Even with those detailed definitions of "notable," there is plenty of room on Wikipedia for disagreement, and not just among editors. Wikipedians are frequently deluged with protest e-mail from the newly deleted.

So who are these editors, the nameless sages who can bestow or withhold the cachet of Wikidom as they please?

In Wiki terminology — and this is a realm piled high with terminology — these editors are called "administrators" and they get their jobs after being nominated and voted in by the great mass of Wikipedia contributors. Fairness and diligence and a track record for good writing and editorial decisions earn you the nod.

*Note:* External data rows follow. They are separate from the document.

(* Let $(X,\tau)$ be a kd-space and let $A\subseteq X$ be locally dense, i.e. $A\subseteq \mathrm{Int}(\mathrm{Cl}(A))$. Then the subspace $(A,\tau|A)$ is a kd-space.
   Context: A space is a kd-space if every compact subset is $\delta$-closed. In a space $Y$, a set $U$ is regular open if $U=\mathrm{Int}(\mathrm{Cl}(U))$; a point $x$ is a $\delta$-cluster point of $B\subseteq Y$ if $B\cap U\neq\emptyset$ for every regular open $U\ni x$; $B$ is $\delta$-closed if it contains all its $\delta$-cluster points. *)

From HB Require Import structures.
From mathcomp Require Import all_boot all_order all_algebra.
From mathcomp Require Import all_classical all_reals all_analysis.
Set Implicit Arguments.
Unset Strict Implicit.
Unset Printing Implicit Defensive.
Local Open Scope classical_set_scope.

Definition regular_open {Y : topologicalType} (U : set Y) : Prop :=
  U = interior (closure U).

Definition delta_cluster {Y : topologicalType} (B : set Y) (x : Y) : Prop :=
  forall U : set Y, regular_open U -> U x -> B `&` U !=set0.

Definition delta_closed {Y : topologicalType} (B : set Y) : Prop :=
  forall x : Y, delta_cluster B x -> B x.

Definition kd_space (Y : topologicalType) : Prop :=
  forall K : set Y, compact K -> delta_closed K.

Definition subspace_of {X : topologicalType} (A : set X) : topologicalType :=
  initial_topology (@sval X (fun x => x \in A)).

(* The trace on A of a regular open set U of X is regular open in A: if a
   point of A lies in the A-interior of the A-closure of U ∩ A, witnessed by
   an open W of X, then W ∩ Int(Cl A) is an open neighbourhood of it in X
   contained in Cl U, by local density. Hence a δ-cluster point in A of a
   compact K ⊆ A is a δ-cluster point in X of K, which is compact in X, so it
   lies in K. *)
From HB Require Import structures.
From mathcomp Require Import all_boot all_order all_algebra.
From mathcomp Require Import all_classical all_reals all_analysis.
Set Implicit Arguments.
Unset Strict Implicit.
Unset Printing Implicit Defensive.
Local Open Scope classical_set_scope.

Lemma open_closureI {T : topologicalType} (O B : set T) :
  open O -> O `&` closure B `<=` closure (O `&` B).
Proof.
move=> oO y [Oy clBy] N yN.
have /clBy [z [Bz [Oz Nz]]] : nbhs y (O `&` N).
  by apply: filterI => //; exact: open_nbhs_nbhs.
by exists z.
Qed.

Lemma image_closure {S T : topologicalType} (f : S -> T) (B : set S) :
  continuous f -> f @` closure B `<=` closure (f @` B).
Proof.
move=> cf _ [x clBx <-] N /cf /clBx [z [Bz Nz]].
by exists (f z); split => //; exists z.
Qed.

Lemma regular_open_preimage_val (X : topologicalType) (A : set X) :
  A `<=` interior (closure A) -> forall U : set X, regular_open U ->
  regular_open (val @^-1` U : set (subspace_of A)).
Proof.
move=> Aloc U rU.
have oU : open U by rewrite rU; exact: open_interior.
have cval : continuous (val : subspace_of A -> X) := @initial_continuous _ _ _.
apply/seteqP; split => [|x].
  have oV : open (val @^-1` U : set (subspace_of A)) by exists U.
  by rewrite -open_subsetE //; exact: subset_closure.
rewrite /interior nbhsE => -[_ [] [W oW <-] Wx WclV].
have WAclU : W `&` A `<=` closure U.
  move=> z [Wz Az]; pose zA : subspace_of A := exist _ z (mem_set Az).
  have zclV : (val @` closure (val @^-1` U : set (subspace_of A))) z.
    by exists zA => //; exact: WclV.
  by move: (image_closure cval zclV); apply: closureS; exact: image_preimage_subset.
pose G := W `&` interior (closure A).
have oG : open G by apply: openI => //; exact: open_interior.
have Gx : G (val x) by split => //; apply: Aloc; exact: set_mem (valP x).
have GclU : G `<=` closure U.
  move=> y [Wy /interior_subset clAy].
  rewrite [closure U](closure_id _).1; last exact: closed_closure.
  exact: closureS WAclU _ (open_closureI oW (conj Wy clAy)).
have : interior (closure U) (val x).
  by move: GclU; rewrite open_subsetE // => /(_ _ Gx).
by rewrite -rU.
Qed.

Lemma delta_cluster_image {S T : topologicalType} (f : S -> T) (B : set S) x :
  (forall U, regular_open U -> regular_open (f @^-1` U)) ->
  delta_cluster B x -> delta_cluster (f @` B) (f x).
Proof.
move=> rf Bx U rU Ufx; have [z [Bz Ufz]] := Bx _ (rf _ rU) Ufx.
by exists (f z); split => //; exists z.
Qed.

Theorem mainTheorem5 (X : topologicalType) (A : set X) :
  kd_space X -> A `<=` interior (closure A) -> kd_space (subspace_of A).
Proof.
move=> kdX Aloc K cK a Ka.
have cvalK : compact (val @` K).
  apply: continuous_compact => //.
  exact/continuous_subspaceT/initial_continuous.
have := delta_cluster_image (regular_open_preimage_val Aloc) Ka.
move=> /(kdX _ cvalK) [b Kb bEa].
have <- : b = a by exact: val_inj bEa.
exact: Kb.
Qed.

There are just more than 1,000 administrators at any one time, and none of them is paid. Generally, they are men in their 20s or 30s with jobs in the computer field; it's also likely these people have a lot of time on their hands.

Plenty of deletees, of course, have no idea they've been chucked. Like Bill Slavick, who was expunged from the site soon after an editor described him as a "failed candidate for U.S. Senate in Maine who got 5 percent of the vote."

Speaking on the phone from his home, Slavick, 78, a retired professor of English, sounded unmoved.

"I don't care," he said.

You don't care?

"No. Someone called me a few months ago and asked if it was OK to send in this biography, and I didn't have any big objection."

Slavick would, however, like to clarify one point. As an independent candidate, he participated in three debates in this fall's campaign, two of which were televised. The verdict, by his reckoning, is that he won all three.

"In Maine," he says, with a hint of pride, "I'm notable."